JACKSON The neediest families families in Mississippi must have access to assistance when they need it, a group of community advocates, nonprofit organizations and lawmakers gathered at the Capitol Thursday argued. They are promoting two pieces of legislation to force the Mississippi Department of Human Services to transfer more Temporary Assistance for Needy Families, or TANF, funds to be used for child care subsidies and provide the necessary assistance.
Mississippi's maximum TANF allowance per month is the lowest in the nation, a report by the Mississippi Low Income Child Care Initiative found. The report's data, from the state Department of Human Services and the U.S. Health and Human Services, found that a family of three eligible for TANF can receive a maximum of $170 per month in Mississippi. The report surveyed the past 20 years of TANF data.
"What we discovered in our review ... is that people have been moved off the welfare rolls but not out of poverty and not into work," Carol Burnett, executive director of the initiative, said at the Capitol Thursday. "TANF caseloads have fallen precipitously, but poverty is rising among families with children."
MCLICCI TANF Report
To be eligible for TANF, families must meet financial thresholds and have children under age 18 to qualify. Additionally, factors such as school attendance and work eligibility are factored in to a family's chances of receiving TANF funds under state law. Families can receive TANF in Mississippi for a maximum of 60 months.
The state and federal requirements are some of the main reasons families lose their TANF support, report author Matt Williams said Thursday. In 2015, Mississippi approved 190 of more than 13,000 TANF applications. Additionally, the State left almost $35 million in TANF funds unallocated in 2016 that could have been used on the Child Care Development Block Grant, which helps pay for child-care subsidies for low-income families.
"Virtually all those on TANF are single moms with young children, this demographic must have affordable full-time childcare in order to work," Burnett said.
Cassandra Welchlin, the executive director of the Women's Economic Security Initiative, said the group is proposing two pieces of legislation this session: one to designate up to 30 percent of the Child Care Development Block Grant to pay for child-care subsidies.
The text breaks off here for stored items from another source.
(* In the standing setting, let $(\psi,\alpha),(\phi,\beta)\in\mathcal{A}\times\mathcal{B}$ with liftings $\psi^\uparrow,\phi^\uparrow$, and write $d(g)=\psi^\uparrow(g)\phi^\uparrow(g)^{-1}$ and $e(h)=\phi^\uparrow(h)\psi^\uparrow(h)^{-1}$. Then $(G,r)$ and $(G,r')$ are set-theoretic non-degenerate solutions of the Yang--Baxter equation, where for $g,h\in G$ $$r(g,h)=\Big(d(g)\,h\,d(g)^{-1}\,\beta(g^{-1},h)\,\alpha(g,h),\ \ \psi^\uparrow(h)^{-1}\,d(g)\,h^{-1}\,d(g)^{-1}\,g\,\psi^\uparrow(g)\,h\,\psi^\uparrow(g)^{-1}\,\psi^\uparrow(h)\,\beta(g,h)\,\alpha(h^{-1},g)\Big),$$ $$r'(g,h)=\Big(g\,\psi^\uparrow(g)\,h\,\psi^\uparrow(g)^{-1}\,\phi^\uparrow(h)\,g^{-1}\,\phi^\uparrow(h)^{-1}\,\beta(h,g^{-1})\,\alpha(g,h),\ \ e(h)\,g\,e(h)^{-1}\,\beta(h,g)\,\alpha(h^{-1},g)\Big).$$
   Context: Standing setting: $(G,\cdot)$ is a group, $K$ is a subgroup of $G$ contained in the centre $Z(G)$, and $A$ is a subgroup with $K\le A\le G$ and $A/K$ abelian. Let $\mathcal{A}=\{\psi\in\operatorname{End}(G/K):\psi(G/K)\le A/K\}$. A lifting of $\psi\in\mathcal{A}$ is any set map $\psi^{\uparrow}:G\to A$ with $\psi^{\uparrow}(g)K=\psi(gK)$ for all $g\in G$. Let $\mathcal{B}$ be the set of maps $\alpha:G\times G\to K$ that are bilinear, i.e. $\alpha(gh,k)=\alpha(g,k)\alpha(h,k)$ and $\alpha(g,hk)=\alpha(g,h)\alpha(g,k)$, and satisfy $\alpha(k,g)=\alpha(g,k)=1$ for all $k\in K$, $g\in G$. A set-theoretic solution of the Yang--Baxter equation is a pair $(X,r)$ with $X\neq\emptyset$ and $r:X\times X\to X\times X$, $r(x,y)=(\sigma_x(y),\tau_y(x))$, a bijection satisfying $(r\times\mathrm{id}_X)(\mathrm{id}_X\times r)(r\times\mathrm{id}_X)=(\mathrm{id}_X\times r)(r\times\mathrm{id}_X)(\mathrm{id}_X\times r)$; it is non-degenerate if all $\sigma_x$ and $\tau_x$ are bijective. *)

From mathcomp Require Import ssreflect ssrfun ssrbool.
Inductive gen_alg (W : A -> Prop) : A -> Prop :=
  | gen_W x : W x -> gen_alg W x
  | gen_1 : gen_alg W 1
  | gen_add x y : gen_alg W x -> gen_alg W y -> gen_alg W (x + y)
  | gen_scale (a : rat) x : gen_alg W x -> gen_alg W (a *: x)
  | gen_mul x y : gen_alg W x -> gen_alg W y -> gen_alg W (x * y).

Inductive span (S : A -> Prop) : A -> Prop :=
  | span0 : span S 0
  | spanS x : S x -> span S x
  | spanD x y : span S x -> span S y -> span S (x + y)
  | spanZ (a : rat) x : span S x -> span S (a *: x).

Definition inV (V : nat -> A -> Prop) (v : A) : Prop := exists p, V p v.

Definition lam (V : nat -> A -> Prop) (q : nat) : A -> Prop :=
  span (fun y => exists s : seq A,
          size s = q /\ (forall v, v \in s -> inV V v) /\ y = \prod_(v <- s) v).

Definition lam_ge (V : nat -> A -> Prop) (q : nat) : A -> Prop :=
  span (fun y => exists s : seq A,
          (q <= size s)%N /\ (forall v, v \in s -> inV V v) /\ y = \prod_(v <- s) v).

Definition sullivan (H V : nat -> A -> Prop) (d : A -> A) : Prop :=
  [/\ free_gca_on H V, cochain_diff H d &
      exists F : nat -> nat -> A -> Prop,
        [/\ forall k p, subspace (F k p),
            (forall k p x, F k p x -> V p x) /\
            (forall k p x, F k p x -> F k.+1 p x),
            forall p x, V p x -> exists k, F k p x,
            forall p x, F 0%N p x -> d x = 0 &
            forall k p x, F k.+1 p x -> gen_alg (fun y => exists q, F k q y) (d x)]].

Definition minimal_sullivan (H V : nat -> A -> Prop) (d : A -> A) : Prop :=
  sullivan H V d /\ forall x, lam_ge V 2 (d x).

Definition rho (V : nat -> A -> Prop) (x : A) : A :=
  epsilon (inhabits 0) (fun y => lam V 1 y /\
     exists y0 y2, lam V 0 y0 /\ lam_ge V 2 y2 /\ x = y0 + y + y2).

End Defs.

From Pilot Require Import Defs.
From HB Require Import structures.
From mathcomp Require Import all_boot all_order all_algebra zify.
From Stdlib Require Import ClassicalEpsilon.
(* Defs.span must take precedence over vector.span. *)
Import Defs.
Set Implicit Arguments. Unset Strict Implicit. Unset Printing Implicit Defensive.
Import Order.TTheory GRing.Theory Num.Theory.
Local Open Scope ring_scope.

(* Let z1, z2 be t-cocycles of the minimal
   Sullivan algebra (Lambda V, d) with rho z1 = rho z2.
   - Every element of Lambda V is a linear combination of monomials
     v_1 ... v_n (v_i in V); this follows from the uniqueness clause of the
     universal property, since the span of the monomials is a graded
     subalgebra through which the identity of Lambda V factors.
   - Splitting by word length, z1 - z2 is a combination of monomials of word
     length <> 1; since Lambda V = (+)_p H^p is a direct sum, taking the
     degree t component we may assume these monomials have degree t.
   - Such a monomial is v * m with v in V^p and m a monomial of length >= 1
     and degree t - p.  As V is concentrated in degrees >= r, it vanishes
     unless p, t - p >= r, and then p, t - p <= t - r <= s; so v and m are
     cocycles, and v * m is a t-complementary product, hence exact.
   - Coboundaries form a subspace, so z1 - z2 is exact. *)

Section Spans.
Variable A : algType rat.
Implicit Types S T : A -> Prop.

Lemma subspace0 S : subspace S -> S 0.
Proof. by case. Qed.

Lemma subspaceD S x y : subspace S -> S x -> S y -> S (x + y).
Proof. by case=> _ hS hx hy; have := hS 1 _ _ hx hy; rewrite scale1r. Qed.

Lemma subspaceZ S a x : subspace S -> S x -> S (a *: x).
Proof. by case=> hS0 hS hx; have := hS a _ _ hx hS0; rewrite addr0. Qed.

Lemma subspaceB S x y : subspace S -> S x -> S y -> S (x - y).
Proof.
by move=> hS hx hy; apply: subspaceD => //; rewrite -scaleN1r; apply: subspaceZ.
Qed.

Lemma span_subspace S : subspace (span S).
Proof. by split=> [|a x y hx hy]; [apply: span0 | apply/spanD/hy/spanZ]. Qed.

Lemma span_min S T :
  subspace T -> (forall x, S x -> T x) -> forall x, span S x -> T x.
Proof.
move=> hT hST x; elim=> [|y /hST //|y z _ hy _ hz|a y _ hy].
- exact: subspace0.
- exact: subspaceD.
- exact: subspaceZ.
Qed.

Lemma span_mono S T : (forall x, S x -> T x) -> forall x, span S x -> span T x.
Proof. by move=> hST; apply: span_min (@span_subspace T) _ => x /hST /spanS. Qed.

Lemma span_mul S : (forall x y, S x -> S y -> S (x * y)) ->
  forall x y, span S x -> span S y -> span S (x * y).
Proof.
move=> hS x y hx hy; elim: hx => [|x0 Sx|x1 x2 _ IH1 _ IH2|a x0 _ IH].
- by rewrite mul0r; apply: span0.
- elim: hy => [|y0 Sy|y1 y2 _ IH1 _ IH2|a y0 _ IH].
  + by rewrite mulr0; apply: span0.
  + exact/spanS/hS.
  + by rewrite mulrDr; apply: spanD.
  + by rewrite -scalerAr; apply: spanZ.
- by rewrite mulrDl; apply: spanD.
- by rewrite -scalerAl; apply: spanZ.
Qed.

End Spans.

Lemma sum_ord_trunc (M : zmodType) (c : nat -> M) n N :
  (n <= N)%N -> (forall p, (n <= p)%N -> c p = 0) ->
  \sum_(p < N) c p = \sum_(p < n) c p.
Proof.
move=> hnN hc; rewrite -!(big_mkord xpredT c) (big_cat_nat (leq0n n) hnN) /=.
rewrite [X in _ + X]big1_seq ?addr0 // => i /andP[_].
by rewrite mem_index_iota => /andP[/hc].
Qed.

Lemma sum_ord_delta (M : zmodType) (m : M) k N : (k < N)%N ->
  \sum_(p < N) (if (p : nat) == k then m else 0) = m.
Proof.
move=> hk; rewrite (@sum_ord_trunc _ (fun p => if p == k then m else 0) k.+1) //.
  by rewrite big_ord_recr /= eqxx big1 ?add0r // => i _; rewrite ifN // neq_ltn ltn_ord.
by move=> p hp; rewrite ifN // neq_ltn hp orbT.
Qed.

Section Monomials.
Variables (A : algType rat) (V : nat -> A -> Prop).

Inductive monomial : nat -> nat -> A -> Prop :=
  | monomial1 : monomial 0 0 1
  | monomialM n k p v m : V p v -> monomial n k m -> monomial n.+1 (p + k) (v * m).

Lemma monomial_mul n k x n' k' y :
  monomial n k x -> monomial n' k' y -> monomial (n + n') (k + k') (x * y).
Proof.
move=> hx hy; elim: hx => [|n0 k0 p v m hv _ IH]; first by rewrite !add0n mul1r.
by rewrite -mulrA addSn -addnA; apply: monomialM.
Qed.

Lemma monomial_gen p v : V p v -> monomial 1 p v.
Proof. by move=> hv; rewrite -[v]mulr1 -[p]addn0; apply: monomialM => //; apply: monomial1. Qed.

Lemma monomial_seq n k m : monomial n k m -> exists s : seq A,
  [/\ size s = n, forall v, v \in s -> inV V v & m = \prod_(v <- s) v].
Proof.
elim=> [|n0 k0 p v m0 hv _ [s [hs hin ->]]]; first by exists [::]; rewrite big_nil.
exists (v :: s); split; [by rewrite /= hs | | by rewrite big_cons].
by move=> w; rewrite in_cons => /orP[/eqP ->|/hin //]; exists p.
Qed.

Lemma seq_monomial (s : seq A) : (forall v, v \in s -> inV V v) ->
  exists k, monomial (size s) k (\prod_(v <- s) v).
Proof.
elim: s => [|v s IH] hin; first by exists 0%N; rewrite big_nil; apply: monomial1.
have [p hp] : inV V v by apply: hin; rewrite mem_head.
have [k hk] : exists k, monomial (size s) k (\prod_(v <- s) v).
  by apply: IH => w hw; apply: hin; rewrite in_cons hw orbT.
by exists (p + k)%N; rewrite big_cons; apply: monomialM.
Qed.

Definition monomials (Q : nat -> nat -> Prop) (m : A) : Prop :=
  exists n k, Q n k /\ monomial n k m.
The other bill would create a "Maintenance of Effort" program that awards scholarships to families in need, specifically single mothers who need to work, go to school and pay for child care for their kids too.
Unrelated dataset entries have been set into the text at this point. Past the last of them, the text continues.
(* Let $X$ and $Y$ be complex Banach spaces with $Y$ continuously embedded in $X$, let $C\in L(X)$, let $B$ be a closed linear operator on $X$, let $A:\mathbb N_0\to L(Y,X)$, and let $k:\mathbb N_0\to\mathbb C$ with $k\neq0$. Let $(S(v))_{v\in\mathbb N_0}\subseteq L(X)$ be such that $S(v)Y\subseteq Y$ and $S(v)_{|Y}\in L(Y)$ for all $v\in\mathbb N_0$, and for all $v\in\mathbb N_0$ and $y\in Y$ one has $S(v)y\in D(B)$ and $$BS(v)y=k(v)Cy+\sum_{j=0}^{v}A(v-j)S(j)y .$$ Assume $\sum_{v=0}^{\infty}\|S(v)_{|Y}\|_{L(Y)}<\infty$ and $\sum_{v=0}^{\infty}\|(A\ast_0S)(v)\|_{L(Y,X)}<\infty$, where $(A\ast_0 S)(v)y:=\sum_{j=0}^{v}A(v-j)S(j)y$ for $y\in Y$. Suppose further that either (i) $f:\mathbb Z\to Y$ is bounded (in $Y$), $\sum_{v=0}^{\infty}|k(v)|<\infty$ and $\sum_{v=0}^{\infty}\|A(v)\|_{L(Y,X)}<\infty$; or (ii) $f\in l^1(\mathbb Z:Y)$, $k$ is bounded and $\sup_{v\ge0}\|A(v)\|_{L(Y,X)}<\infty$. Define $u(v):=\sum_{l=-\infty}^{v}S(v-l)f(l)$ for $v\in\mathbb Z$. Then $u$ is bounded, $u\in l^1(\mathbb Z:Y)$ provided that (ii) holds, $u(v)\in D(B)$ for all $v\in\mathbb Z$, and $$Bu(v)=\sum_{l=-\infty}^{v}k(v-l)Cf(l)+\sum_{l=-\infty}^{v}A(v-l)u(l),\quad v\in\mathbb Z .$$
   Context: $L(X)$, $L(Y)$, $L(Y,X)$ denote spaces of bounded linear operators with operator norms; $l^1(\mathbb Z:Y)$ is the space of summable $Y$-valued sequences on $\mathbb Z$. *)

From HB Require Import structures.
From mathcomp Require Import all_boot all_order all_algebra.
From mathcomp Require Import complex.
From mathcomp Require Import all_classical all_reals all_analysis.
Import Order.TTheory GRing.Theory Num.Theory.
Set Implicit Arguments. Unset Strict Implicit. Unset Printing Implicit Defensive.
Local Open Scope ring_scope.
Local Open Scope classical_set_scope.

(* Complex Banach spaces: completeNormedModType R[i] for R : realType.
   The library norm `|x| takes values in R[i] (always a nonnegative real);
   nrm x is its real part, i.e. the norm as a real number. *)
Definition nrm (R : realType) (V : normedModType R[i]) (x : V) : R :=
  complex.Re `|x|.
MDHS could make these changes on their own, without legislation, but Democratic lawmakers called for oversight Thursday.
"It makes zero sense for us as a state where we have one in four children who live in poverty, for us to forego $35 million in TANF funds," Rep. Jarvis Dortch, D-Jackson, said. "It makes even less sense for our Legislature to not have any oversight on how we spend our TANF dollars and whether or not where we're spending it is actually working."
When confronted about the $35 million in TANF funds left on the table this fall during budget working group meetings, MDHS Executive Director John Davis said he transferred the maximum amount of TANF funds he could through the federal child-care block grant. In order to use the leftover TANF money, Davis said he would have to create a separate program, and hasn't done that.
"I would have to actually start a separate child-care program to use those funds," Davis said in October. "I can't just funnel that through the child-care block grant."
Gov. Phil Bryant has full purview over MDHS and appoints its executive director.